Records from a collection
--

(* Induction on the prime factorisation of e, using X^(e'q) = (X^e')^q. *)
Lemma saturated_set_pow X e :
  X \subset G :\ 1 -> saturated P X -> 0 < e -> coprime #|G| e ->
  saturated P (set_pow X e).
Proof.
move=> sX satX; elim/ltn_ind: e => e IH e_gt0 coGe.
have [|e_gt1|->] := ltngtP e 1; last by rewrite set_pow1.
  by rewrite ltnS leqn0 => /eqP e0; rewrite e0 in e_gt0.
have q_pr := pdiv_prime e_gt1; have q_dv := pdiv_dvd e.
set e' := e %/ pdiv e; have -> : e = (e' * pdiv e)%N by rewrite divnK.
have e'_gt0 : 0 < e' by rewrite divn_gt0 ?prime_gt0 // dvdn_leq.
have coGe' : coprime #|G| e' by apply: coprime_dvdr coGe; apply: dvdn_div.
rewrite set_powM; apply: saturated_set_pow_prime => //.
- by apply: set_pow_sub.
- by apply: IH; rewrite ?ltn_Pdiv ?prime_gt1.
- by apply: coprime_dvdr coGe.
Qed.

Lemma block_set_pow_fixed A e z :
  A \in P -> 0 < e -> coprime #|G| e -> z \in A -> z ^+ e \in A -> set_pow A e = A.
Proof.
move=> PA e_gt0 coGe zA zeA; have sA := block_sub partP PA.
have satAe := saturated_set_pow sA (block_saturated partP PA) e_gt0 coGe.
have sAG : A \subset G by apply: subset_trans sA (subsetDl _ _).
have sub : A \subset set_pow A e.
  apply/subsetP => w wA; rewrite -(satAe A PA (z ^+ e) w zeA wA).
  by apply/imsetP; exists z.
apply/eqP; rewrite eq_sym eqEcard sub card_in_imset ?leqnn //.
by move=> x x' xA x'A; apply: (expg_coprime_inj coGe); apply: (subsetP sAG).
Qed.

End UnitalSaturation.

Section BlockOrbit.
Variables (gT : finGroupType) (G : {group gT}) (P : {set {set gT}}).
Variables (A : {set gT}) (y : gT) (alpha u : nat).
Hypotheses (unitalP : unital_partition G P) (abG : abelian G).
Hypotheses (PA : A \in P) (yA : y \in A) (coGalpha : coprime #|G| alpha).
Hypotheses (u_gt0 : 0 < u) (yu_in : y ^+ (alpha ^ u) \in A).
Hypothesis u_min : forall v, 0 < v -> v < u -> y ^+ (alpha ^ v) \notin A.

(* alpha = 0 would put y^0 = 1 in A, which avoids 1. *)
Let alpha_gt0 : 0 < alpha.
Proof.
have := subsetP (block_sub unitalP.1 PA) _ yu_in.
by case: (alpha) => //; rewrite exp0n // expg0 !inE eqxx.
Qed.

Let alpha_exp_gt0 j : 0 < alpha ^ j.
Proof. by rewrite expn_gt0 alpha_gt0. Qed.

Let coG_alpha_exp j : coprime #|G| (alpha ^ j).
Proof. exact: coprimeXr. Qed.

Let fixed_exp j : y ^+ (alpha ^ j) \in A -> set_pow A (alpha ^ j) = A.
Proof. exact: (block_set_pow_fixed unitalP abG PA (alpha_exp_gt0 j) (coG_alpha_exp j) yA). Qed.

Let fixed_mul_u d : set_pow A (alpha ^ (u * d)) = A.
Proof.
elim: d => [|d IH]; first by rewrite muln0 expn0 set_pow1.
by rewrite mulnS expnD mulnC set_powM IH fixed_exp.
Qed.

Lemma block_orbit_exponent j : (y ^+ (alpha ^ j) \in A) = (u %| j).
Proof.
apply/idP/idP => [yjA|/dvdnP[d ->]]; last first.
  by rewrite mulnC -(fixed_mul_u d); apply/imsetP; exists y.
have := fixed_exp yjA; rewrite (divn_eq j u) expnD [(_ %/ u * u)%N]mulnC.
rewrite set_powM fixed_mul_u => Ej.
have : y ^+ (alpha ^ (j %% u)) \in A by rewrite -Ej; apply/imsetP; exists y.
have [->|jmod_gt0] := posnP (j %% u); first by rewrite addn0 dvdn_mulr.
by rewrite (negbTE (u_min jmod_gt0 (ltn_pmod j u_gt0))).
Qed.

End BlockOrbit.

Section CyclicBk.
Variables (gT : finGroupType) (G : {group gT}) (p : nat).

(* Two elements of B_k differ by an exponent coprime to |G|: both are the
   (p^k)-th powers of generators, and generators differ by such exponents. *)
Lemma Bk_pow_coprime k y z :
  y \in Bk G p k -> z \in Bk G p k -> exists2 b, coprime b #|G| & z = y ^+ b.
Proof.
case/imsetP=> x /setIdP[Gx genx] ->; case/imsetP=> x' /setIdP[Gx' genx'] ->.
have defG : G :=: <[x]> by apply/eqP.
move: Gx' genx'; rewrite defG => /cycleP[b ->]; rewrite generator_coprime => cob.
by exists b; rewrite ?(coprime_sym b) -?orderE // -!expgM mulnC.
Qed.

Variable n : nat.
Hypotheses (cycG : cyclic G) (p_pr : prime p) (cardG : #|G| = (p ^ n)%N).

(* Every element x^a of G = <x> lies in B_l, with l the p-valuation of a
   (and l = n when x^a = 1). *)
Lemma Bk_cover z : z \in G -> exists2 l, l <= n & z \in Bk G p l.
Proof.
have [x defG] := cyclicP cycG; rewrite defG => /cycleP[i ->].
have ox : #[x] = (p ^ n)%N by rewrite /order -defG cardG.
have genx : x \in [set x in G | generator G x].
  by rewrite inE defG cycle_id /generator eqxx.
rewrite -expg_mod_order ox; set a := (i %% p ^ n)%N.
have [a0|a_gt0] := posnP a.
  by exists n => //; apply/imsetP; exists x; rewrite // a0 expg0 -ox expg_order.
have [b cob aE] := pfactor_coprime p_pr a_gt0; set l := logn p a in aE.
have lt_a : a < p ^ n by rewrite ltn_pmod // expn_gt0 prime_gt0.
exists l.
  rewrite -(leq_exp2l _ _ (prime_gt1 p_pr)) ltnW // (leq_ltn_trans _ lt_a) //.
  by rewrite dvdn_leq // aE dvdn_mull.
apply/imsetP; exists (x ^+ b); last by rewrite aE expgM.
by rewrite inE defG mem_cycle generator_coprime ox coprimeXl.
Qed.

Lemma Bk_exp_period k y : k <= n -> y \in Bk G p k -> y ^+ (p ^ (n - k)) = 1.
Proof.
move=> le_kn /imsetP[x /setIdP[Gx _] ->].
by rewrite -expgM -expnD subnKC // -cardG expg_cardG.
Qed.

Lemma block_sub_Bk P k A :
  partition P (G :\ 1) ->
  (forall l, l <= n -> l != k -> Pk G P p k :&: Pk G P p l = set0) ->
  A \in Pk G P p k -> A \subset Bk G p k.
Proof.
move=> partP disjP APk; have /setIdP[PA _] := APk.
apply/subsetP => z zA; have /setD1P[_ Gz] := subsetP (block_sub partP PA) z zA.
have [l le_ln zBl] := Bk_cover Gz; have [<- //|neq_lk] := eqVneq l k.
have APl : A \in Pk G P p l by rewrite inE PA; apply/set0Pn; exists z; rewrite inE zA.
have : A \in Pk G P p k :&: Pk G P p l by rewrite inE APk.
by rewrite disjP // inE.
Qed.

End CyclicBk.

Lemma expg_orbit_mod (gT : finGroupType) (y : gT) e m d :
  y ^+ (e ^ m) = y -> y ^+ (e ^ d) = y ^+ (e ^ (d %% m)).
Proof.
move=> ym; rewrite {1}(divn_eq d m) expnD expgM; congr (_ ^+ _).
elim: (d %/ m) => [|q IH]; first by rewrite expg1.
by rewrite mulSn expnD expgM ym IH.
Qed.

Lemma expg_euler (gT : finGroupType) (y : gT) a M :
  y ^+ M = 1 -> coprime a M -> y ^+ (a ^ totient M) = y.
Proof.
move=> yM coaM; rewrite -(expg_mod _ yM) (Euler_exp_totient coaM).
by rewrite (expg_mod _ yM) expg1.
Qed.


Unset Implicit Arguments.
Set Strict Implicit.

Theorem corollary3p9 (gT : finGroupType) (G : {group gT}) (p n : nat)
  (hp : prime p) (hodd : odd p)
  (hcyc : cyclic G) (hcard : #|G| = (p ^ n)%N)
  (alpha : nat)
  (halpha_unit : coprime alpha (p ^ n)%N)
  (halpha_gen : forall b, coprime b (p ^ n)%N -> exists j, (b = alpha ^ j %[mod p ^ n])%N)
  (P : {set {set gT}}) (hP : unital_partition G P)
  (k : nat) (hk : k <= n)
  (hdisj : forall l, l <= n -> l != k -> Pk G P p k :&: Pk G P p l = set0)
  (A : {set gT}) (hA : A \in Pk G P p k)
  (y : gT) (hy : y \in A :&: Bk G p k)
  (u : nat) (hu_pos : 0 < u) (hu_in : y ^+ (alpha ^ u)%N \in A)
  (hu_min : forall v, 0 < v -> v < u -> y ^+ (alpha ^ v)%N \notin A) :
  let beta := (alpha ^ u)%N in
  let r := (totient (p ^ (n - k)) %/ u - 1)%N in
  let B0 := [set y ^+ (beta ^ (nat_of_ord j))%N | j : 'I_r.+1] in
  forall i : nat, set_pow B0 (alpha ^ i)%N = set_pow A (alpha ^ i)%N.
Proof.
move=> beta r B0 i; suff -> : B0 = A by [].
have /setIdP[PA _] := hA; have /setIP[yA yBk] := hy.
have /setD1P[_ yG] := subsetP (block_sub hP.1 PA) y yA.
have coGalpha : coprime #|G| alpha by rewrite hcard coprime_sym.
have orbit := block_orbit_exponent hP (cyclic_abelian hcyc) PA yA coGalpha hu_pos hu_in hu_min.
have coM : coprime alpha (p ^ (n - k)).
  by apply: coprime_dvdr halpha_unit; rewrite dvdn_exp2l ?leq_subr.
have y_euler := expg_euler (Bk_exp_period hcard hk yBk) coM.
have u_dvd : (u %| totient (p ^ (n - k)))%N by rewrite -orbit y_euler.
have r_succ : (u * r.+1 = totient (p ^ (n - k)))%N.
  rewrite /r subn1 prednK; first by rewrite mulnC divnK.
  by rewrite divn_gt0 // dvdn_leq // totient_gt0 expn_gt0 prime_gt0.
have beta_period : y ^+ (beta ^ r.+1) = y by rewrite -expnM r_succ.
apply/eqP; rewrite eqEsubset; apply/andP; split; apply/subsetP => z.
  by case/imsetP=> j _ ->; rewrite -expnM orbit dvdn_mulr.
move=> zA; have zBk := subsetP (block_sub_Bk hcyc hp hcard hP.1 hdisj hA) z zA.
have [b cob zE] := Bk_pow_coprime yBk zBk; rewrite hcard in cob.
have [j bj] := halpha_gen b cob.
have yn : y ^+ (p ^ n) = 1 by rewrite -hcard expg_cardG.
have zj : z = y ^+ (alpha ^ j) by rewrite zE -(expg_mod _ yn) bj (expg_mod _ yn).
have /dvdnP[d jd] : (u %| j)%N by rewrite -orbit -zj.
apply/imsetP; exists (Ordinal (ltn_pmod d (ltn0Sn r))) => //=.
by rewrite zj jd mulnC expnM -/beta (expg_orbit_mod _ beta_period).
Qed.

--

What to work on: Output the data exactly, from the first line through the line that holds "have sub : A \subset set_pow A e.", so that no later line appears.

Your solution:
(* Induction on the prime factorisation of e, using X^(e'q) = (X^e')^q. *)
Lemma saturated_set_pow X e :
  X \subset G :\ 1 -> saturated P X -> 0 < e -> coprime #|G| e ->
  saturated P (set_pow X e).
Proof.
move=> sX satX; elim/ltn_ind: e => e IH e_gt0 coGe.
have [|e_gt1|->] := ltngtP e 1; last by rewrite set_pow1.
  by rewrite ltnS leqn0 => /eqP e0; rewrite e0 in e_gt0.
have q_pr := pdiv_prime e_gt1; have q_dv := pdiv_dvd e.
set e' := e %/ pdiv e; have -> : e = (e' * pdiv e)%N by rewrite divnK.
have e'_gt0 : 0 < e' by rewrite divn_gt0 ?prime_gt0 // dvdn_leq.
have coGe' : coprime #|G| e' by apply: coprime_dvdr coGe; apply: dvdn_div.
rewrite set_powM; apply: saturated_set_pow_prime => //.
- by apply: set_pow_sub.
- by apply: IH; rewrite ?ltn_Pdiv ?prime_gt1.
- by apply: coprime_dvdr coGe.
Qed.

Lemma block_set_pow_fixed A e z :
  A \in P -> 0 < e -> coprime #|G| e -> z \in A -> z ^+ e \in A -> set_pow A e = A.
Proof.
move=> PA e_gt0 coGe zA zeA; have sA := block_sub partP PA.
have satAe := saturated_set_pow sA (block_saturated partP PA) e_gt0 coGe.
have sAG : A \subset G by apply: subset_trans sA (subsetDl _ _).
have sub : A \subset set_pow A e.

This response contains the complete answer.